= Fast N' Loud season 1 =

Season 1 of Fast N' Loud started on June 6, 2012, and ended on December 8, 2012, for a total of 14 episodes. Season 1 was filmed on location on Reeder Road in Dallas, Texas, in a shop building rented from Phipps Auto, which was also featured in the show. The Gas Monkey Garage crew worked in the back shop, while Rawlings brought Corvettes, Cadillacs, and other cars that were going to be "quick flips" to Dewaine Phipps to get them running again. Gas Monkey Garage also had an ongoing business relationship with Sue Martin, a successful Taiwanese immigrant, at ASM Auto Upholstery, a business that was literally within car-pushing distance of their shop. KC Mathieu, a long-time friend of Kaufman's and owner of KC's Paint Shop, is part of the regular GMG crew and the painter for Gas Monkey Garage. Another heavily featured member of the Gas Monkey Garage crew during Season 1 was Scot McMillan Jr., of Scot Rods Garage, who left at the end of Season 1 to work at his own shop. During Season 1, Rawlings also hired an office assistant named Christie Brimberry, who makes repeated appearances on the show. The final two episodes of the season are not available for streaming on Discovery+.

==Episodes==

| No. overall | No. in season | Title | Original release date | U.S. viewers (millions) |
| 1 | 1 | "Model A Madness" | June 6, 2012 | 0.97 |
Richard and Aaron find the hot rod of their dreams: a rust-free 1931 Model A. As renovation costs pile up, Richard looks to make some fast cash with a couple of quick flips, including the "Drive Angry" Buick Riviera and a Chevy 210.
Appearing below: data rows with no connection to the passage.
Lemma vir_defect_eq0 m n w : vir_defect m n w = 0.
Proof.
case: fockV => _ _ _ _ spanV; have [s ->] := spanV w.
elim: s => [|p s IH]; first by rewrite big_nil (linf0 (vir_defect_lin m n)).
rewrite big_cons (vir_defect_lin m n) IH addr0.
suff -> : vir_defect m n (foldr (fun k w => alpha (- (k.+1)%:Z) w) vac p.2) = 0
  by rewrite scaler0.
by elim: p.2 => [|k t IHt] /=; rewrite ?vir_defect_vac // vir_defect_alpha IHt alpha0.
Qed.

Lemma L_vir_rep : vir_rep (1 - 12%:R * lam ^+ 2) L.
Proof.
split=> [|m n w]; first exact: L_lin.
by apply/eqP; rewrite -subr_eq0; apply/eqP; exact: vir_defect_eq0.
Qed.

End FockVirasoro.

Lemma vir_rep_block (R : fieldType) (W1 W2 : lmodType R) (c : R)
    (L1 : int -> W1 -> W1) (L2 : int -> W2 -> W2) (phi : int -> W1 -> W2) :
  vir_rep c L1 -> vir_rep c L2 -> (forall n, linear (phi n)) ->
  (forall m n w, (L2 m (phi n w) - phi n (L1 m w)) - (L2 n (phi m w) - phi m (L1 n w))
                 = (m - n)%:~R *: phi (m + n) w) ->
  vir_rep c (fun n (p : W2 * W1) => (L2 n p.1 + phi n p.2, L1 n p.2)).
Proof.
move=> [L1_lin L1_comm] [L2_lin L2_comm] phi_lin phi_comm; split.
  move=> n a [u2 u1] [v2 v1]; apply: injective_projections => /=.
    by rewrite L2_lin phi_lin; lmod_ring.
  exact: L1_lin.
move=> m n [w2 w1]; apply: injective_projections => /=; last first.
  by rewrite L1_comm; case: ifP.
have /eqP := L2_comm m n w2; rewrite subr_eq => /eqP L2C.
have scale_fst a : (a *: (w2, w1)).1 = a *: w2 by [].
have zero_fst : (0 : W2 * W1).1 = 0 by [].
rewrite !(linfD (L2_lin _)) L2C scalerDr -phi_comm.
by case: ifP => _; rewrite ?scale_fst ?zero_fst; lmod_ring.
Qed.

Section FockIntertwiner.
Variables (R : fieldType) (V1 V2 : lmodType R) (eta1 eta2 lam : R)
  (alpha1 : int -> V1 -> V1) (alpha2 : int -> V2 -> V2) (vac1 : V1) (vac2 : V2)
  (L1 : int -> V1 -> V1) (L2 : int -> V2 -> V2) (phi0 : V1 -> V2).
Hypotheses (fock1 : heis_fock eta1 alpha1 vac1) (fock2 : heis_fock eta2 alpha2 vac2).
Hypotheses (vir1 : vir_action alpha1 lam L1) (vir2 : vir_action alpha2 lam L2).
Hypothesis phi0_lin : linear phi0.
Hypothesis phi0_L : forall m v, L2 m (phi0 v) = phi0 (L1 m v).
Hypothesis charR : [pchar R] =i pred0.

Definition alpha_comm n v := alpha2 n (phi0 v) - phi0 (alpha1 n v).

Lemma alpha_comm_lin n : linear (alpha_comm n).
Proof.
move=> a u v; rewrite /alpha_comm phi0_lin (alpha_lin fock1) (alpha_lin fock2) phi0_lin.
by lmod_ring.
Qed.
| 2 | 2 | "Awesome Aussies & Olds" | June 13, 2012 | 1.37 |
Richard and Aaron find a '55 Chevy Bel Air as well as a 1950 Oldsmobile Rocket 88 coupe, which had been perfectly preserved in a garage for over 50 years. They have 48 hours to fix up a broken-down '73 Caddy convertible for two Aussies hitting Route 66.
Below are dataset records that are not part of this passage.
(* Let $(V,L,\varphi,E)$ be a valuation system. Let $C$ be a sublattice of $V$ and $\psi:C\to E$ a valuation such that $\psi$ extends $\varphi$ and the valuation system $(V,C,\psi,E)$ is $\Pi$-complete. Then $\varphi$ is $\Pi$-extendible and $\psi$ extends $\Pi\varphi$.
   Context: A valuation system $(V,L,\varphi,E)$ consists of: (i) a lattice $V$ which is $\sigma$-distributive, i.e. for every $a\in V$ and every sequence $(b_n)$ in $V$ whose infimum exists, $\bigwedge_n(a\vee b_n)$ exists and equals $a\vee\bigwedge_n b_n$, and dually for suprema; (ii) a sublattice $L$ of $V$; (iii) a partially ordered abelian group $E$ which is R-complete: whenever $x_1\ge x_2\ge\cdots$ and $y_1\ge y_2\ge\cdots$ in $E$ are such that $\bigwedge_n(x_n+y_n)$ exists, then $\bigwedge_n x_n$ and $\bigwedge_n y_n$ exist, and dually for increasing sequences and suprema; (iv) a valuation $\varphi:L\to E$, i.e. an order-preserving map with $\varphi(a\wedge b)+\varphi(a\vee b)=\varphi(a)+\varphi(b)$. A map $\psi:C\to E$ extends $\varphi:L\to E$ if $L\subseteq C$ and $\psi|_L=\varphi$. A decreasing sequence $a_1\ge a_2\ge\cdots$ in $L$ is $\varphi$-convergent if $\bigwedge_n a_n$ exists in $V$ and $\bigwedge_n\varphi(a_n)$ exists in $E$. The system is $\Pi$-complete if for every $\varphi$-convergent decreasing sequence $(a_n)$ in $L$ we have $\bigwedge_n a_n\in L$ and $\varphi(\bigwedge_n a_n)=\bigwedge_n\varphi(a_n)$. Let $\Pi L:=\{\bigwedge_n a_n: (a_n)\text{ a }\varphi\text{-convergent decreasing sequence in }L\}$ (a sublattice of $V$). $\varphi$ is $\Pi$-extendible if there is a valuation $\Pi\varphi:\Pi L\to E$ with $\Pi\varphi(\bigwedge_n a_n)=\bigwedge_n\varphi(a_n)$ for every $\varphi$-convergent decreasing sequence $(a_n)$ in $L$. *)

From HB Require Import structures.
From mathcomp Require Import all_boot all_order all_algebra.
Set Implicit Arguments. Unset Strict Implicit. Unset Printing Implicit Defensive.
Import Order.Theory GRing.Theory.

Local Open Scope order_scope.

Section Bounds.
Context {d : Order.disp_t} {T : porderType d}.

Definition is_inf (a : nat -> T) (x : T) : Prop :=
  (forall n, x <= a n) /\ (forall y, (forall n, y <= a n) -> y <= x).
Definition is_sup (a : nat -> T) (x : T) : Prop :=
  (forall n, a n <= x) /\ (forall y, (forall n, a n <= y) -> x <= y).

Definition has_inf (a : nat -> T) : Prop := exists x, is_inf a x.
Definition has_sup (a : nat -> T) : Prop := exists x, is_sup a x.

Definition decreasing_seq (a : nat -> T) : Prop := forall n, a n.+1 <= a n.
Definition increasing_seq (a : nat -> T) : Prop := forall n, a n <= a n.+1.
End Bounds.

Definition sigma_distributive {d : Order.disp_t} (V : latticeType d) : Prop :=
  (forall (a : V) (b : nat -> V) (m : V), is_inf b m ->
     is_inf (fun n => a `|` b n) (a `|` m)) /\
  (forall (a : V) (b : nat -> V) (m : V), is_sup b m ->
     is_sup (fun n => a `&` b n) (a `&` m)).

Definition sublattice {d : Order.disp_t} {V : latticeType d} (L : V -> Prop) : Prop :=
  forall a b, L a -> L b -> L (a `&` b) /\ L (a `|` b).

Definition po_group (E : porderZmodType) : Prop :=
  forall x y z : E, x <= y -> (x + z)%R <= (y + z)%R.

Definition R_complete (E : porderZmodType) : Prop :=
  (forall x y : nat -> E, decreasing_seq x -> decreasing_seq y ->
     has_inf (fun n => (x n + y n)%R) -> has_inf x /\ has_inf y) /\
  (forall x y : nat -> E, increasing_seq x -> increasing_seq y ->
     has_sup (fun n => (x n + y n)%R) -> has_sup x /\ has_sup y).

(** * valuations [phi : L -> E]; phi is a total function whose values
    outside L are irrelevant *)
Definition valuation {d : Order.disp_t} {V : latticeType d} {E : porderZmodType}
  (L : V -> Prop) (phi : V -> E) : Prop :=
  (forall a b, L a -> L b -> a <= b -> phi a <= phi b) /\
  (forall a b, L a -> L b -> (phi (a `&` b) + phi (a `|` b))%R = (phi a + phi b)%R).

Definition valuation_system {d : Order.disp_t} (V : latticeType d) (L : V -> Prop)
  (E : porderZmodType) (phi : V -> E) : Prop :=
  [/\ sigma_distributive V, sublattice L, po_group E, R_complete E & valuation L phi].

Definition extends {d : Order.disp_t} {V : latticeType d} {E : porderZmodType}
  (C : V -> Prop) (psi : V -> E) (L : V -> Prop) (phi : V -> E) : Prop :=
  (forall a, L a -> C a) /\ (forall a, L a -> psi a = phi a).

Definition phi_convergent {d : Order.disp_t} {V : latticeType d} {E : porderZmodType}
  (L : V -> Prop) (phi : V -> E) (a : nat -> V) : Prop :=
  [/\ forall n, L (a n), decreasing_seq a, has_inf a & has_inf (fun n => phi (a n))].

Definition Pi_complete {d : Order.disp_t} {V : latticeType d} {E : porderZmodType}
  (L : V -> Prop) (phi : V -> E) : Prop :=
  forall a : nat -> V, phi_convergent L phi a ->
    forall m, is_inf a m -> L m /\ is_inf (fun n => phi (a n)) (phi m).

Definition PiL {d : Order.disp_t} {V : latticeType d} {E : porderZmodType}
  (L : V -> Prop) (phi : V -> E) (x : V) : Prop :=
  exists a : nat -> V, phi_convergent L phi a /\ is_inf a x.

Definition Pi_extension {d : Order.disp_t} {V : latticeType d} {E : porderZmodType}
  (L : V -> Prop) (phi : V -> E) (Piphi : V -> E) : Prop :=
  valuation (PiL L phi) Piphi /\
  (forall a : nat -> V, phi_convergent L phi a ->
     forall m, is_inf a m -> is_inf (fun n => phi (a n)) (Piphi m)).

Definition Pi_extendible {d : Order.disp_t} {V : latticeType d} {E : porderZmodType}
  (L : V -> Prop) (phi : V -> E) : Prop :=
  exists Piphi : V -> E, Pi_extension L phi Piphi.

From mathcomp Require Import all_boot all_order all_algebra.

Set Implicit Arguments.
Unset Strict Implicit.

(* Every phi-convergent sequence of L is psi-convergent in C, so Pi-completeness
   of (V, C, psi, E) places Pi L inside C and gives psi (inf a_n) = inf phi (a_n).
   Hence psi itself, restricted to Pi L, is a Pi-extension of phi. *)

Lemma eq_is_inf (d : Order.disp_t) (T : porderType d) (f g : nat -> T) (x : T) :
  f =1 g -> is_inf f x -> is_inf g x.
Proof.
move=> eq_fg [lb_x glb_x]; split=> [n|y lb_y]; first by rewrite -eq_fg.
by apply: glb_x => n; rewrite eq_fg.
Qed.

Lemma eq_has_inf (d : Order.disp_t) (T : porderType d) (f g : nat -> T) :
  f =1 g -> has_inf f -> has_inf g.
Proof. by move=> eq_fg [x inf_x]; exists x; apply: eq_is_inf inf_x. Qed.

Lemma sub_valuation (d : Order.disp_t) (V : latticeType d) (E : porderZmodType)
    (L C : V -> Prop) (psi : V -> E) :
  (forall a, L a -> C a) -> valuation C psi -> valuation L psi.
Proof.
move=> sub_LC [psi_mono psi_modular]; split=> a b /sub_LC Ca /sub_LC Cb.
- exact: psi_mono.
- exact: psi_modular.
Qed.

Section PiExtension.
Variables (d : Order.disp_t) (V : latticeType d) (E : porderZmodType).
Variables (L C : V -> Prop) (phi psi : V -> E).
Hypothesis psi_ext : extends C psi L phi.

Lemma extends_phi_convergent {a : nat -> V} :
  phi_convergent L phi a -> phi_convergent C psi a.
Proof.
case: psi_ext => sub_LC eq_psi [La a_decr inf_a inf_phi_a]; split=> //.
- by move=> n; apply: sub_LC.
- by apply: eq_has_inf inf_phi_a => n; rewrite eq_psi.
Qed.

Hypothesis psi_Pi_complete : Pi_complete C psi.

Lemma PiL_sub (x : V) : PiL L phi x -> C x.
Proof.
move=> [a [conv_a inf_a]].
by case: (psi_Pi_complete (extends_phi_convergent conv_a) inf_a).
Qed.

Lemma Pi_complete_is_inf (a : nat -> V) :
  phi_convergent L phi a ->
  forall m, is_inf a m -> is_inf (fun n => phi (a n)) (psi m).
Proof.
move=> conv_a m inf_a; case: psi_ext => _ eq_psi.
have [_ inf_psi_a] := psi_Pi_complete (extends_phi_convergent conv_a) inf_a.
by apply: eq_is_inf inf_psi_a => n; case: conv_a => La _ _ _; rewrite eq_psi.
Qed.

Lemma Pi_complete_Pi_extension :
  valuation C psi -> Pi_extension L phi psi.
Proof.
move=> psi_val; split; last exact: Pi_complete_is_inf.
exact: sub_valuation PiL_sub psi_val.
Qed.

End PiExtension.

Theorem lemma5p5 (d : Order.disp_t) (V : latticeType d) (E : porderZmodType)
  (L : V -> Prop) (phi : V -> E) (C : V -> Prop) (psi : V -> E) :
  valuation_system L phi ->
  sublattice C -> valuation C psi -> extends C psi L phi ->
  Pi_complete C psi ->
  exists Piphi : V -> E,
    Pi_extension L phi Piphi /\ extends C psi (PiL L phi) Piphi.
Proof.
move=> _ _ psi_val psi_ext psi_Pi_complete; exists psi; split.
- exact: Pi_complete_Pi_extension psi_ext psi_Pi_complete psi_val.
- split=> //; exact: PiL_sub psi_ext psi_Pi_complete.
Qed.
| 3 | 3 | "Monkey Business Dragster" | June 20, 2012 | 1.39 |
Richard and Aaron stumble upon a diamond in the rough: a 1960s Gasser that Richard wants to race. They buy a gleaming '32 Pontiac at a swap meet. And is a friend's 1960 Cadillac Sedan De Ville haunted and cursing the garage?
| 4 | 4 | "Double-Trouble Galaxy" | June 27, 2012 | 1.39 |
Richard and Aaron scramble to get a replacement '64 Galaxie ready for auction after the first one they find turns out to be in much rougher shape than expected. They have to get creative to get a stuck 1949 F-1 Ford off the back of a large car hauler.
| 5 | 5 | "Low-Riding Lincoln" | July 11, 2012 | 1.45 |
Richard and Aaron turn the granddaddy of big cars, a 1970 Lincoln Continental Mark III, into a muscle car and bring a '68 Ford pickup back to life. Richard scoops up a 1970s style hot rod kit car with a mysterious past.
| 6 | 6 | "Frankensteined Ford" | July 18, 2012 | 1.50 |
The Gas Monkey guys "frankenstein" together a '68 Ford F-100 truck by blending together two vehicles that shouldn't go together. Richard relives his youth with a '77 Trans Am Firebird. He flips a '67 Caddy convertible to an international buyer.
| 7 | 7 | "Amazing Impala" | September 3, 2012 | 1.91 |
Richard, Aaron and the Gas Monkey crew unbury a '64 Impala buried in 10 years of debris and bring it back to life. A 1951 Bruco Fire Truck sparks former firefighter Richard's fancy as does a 1955 Caddy Coupe de Ville nicknamed Dolly.
| 8 | 8 | "'48 Chevy Fleet" | September 10, 2012 | 0.90 |
Richard, Aaron, and the Gas Monkey crew try to "knock the ugly outta" a '48 Chevy Fleetmaster. Richard makes a profit but still gets schooled on a '74 Corvette. It's a tough Oklahoma crowd at the auction for their Chevy and "Scarface"-worthy '63 Caddy.
| 9 | 9 | "Ramshackle Rambler" | September 17, 2012 | 1.50 |
The Gas Monkey crew revives a rust-and-rat filled 59 Rambler to make it SoCal surf-worthy once again. Richard haggles for a 31 Model A. His new Willys Coupe Gasser could be worth $200K if Richard can prove its connection to a legendary drag racing team.
| 10 | 10 | "One-of-a-Kind Woodill" | September 24, 2012 | 1.38 |
The Gas Monkey crew have to handle a rare, fragile and flammable fiberglass-bodied Woodill Wildfire with kid gloves if they're going to make a six-figure sale. The boys take in a Harley and then blow off steam by entering Richard in the Demolition Derby.
| 11 | 11 | "Fast & Furious Fairmont" | October 1, 2012 | 1.44 |
Richard stretches Gas Monkey's style and Aaron's skills by making an "ugly" 1978 Ford Fairmont into a cool, mirrored drift car. Richard flips a rare 1967 Corvette Stingray complete with tank sticker and bets his driving skills to sell the shop truck.
| 12 | 12 | "Holy Grail Hot Rod" | October 8, 2012 | 1.65 |
Richard and Aaron pick up a very rare 32 Ford 3-window, but buying it is about all they can agree upon. They can't agree on how to freshen up a 1964 Econoline van for their "Swag Wagon" either. But they can agree a gifted 1989 Shelby pickup has got to go!
| 13 | 13 | "Apache • Road to Chopper Live, Part 1" | December 3, 2012 | 1.30 |
| 14 | 14 | "Apache • Road to Chopper Live, Part 2" | December 10, 2012 | 1.91 |
In this two-part show, The Gas Monkeys are invited to the biker build off against Paul Snr, Paul Jnr and Jessie James.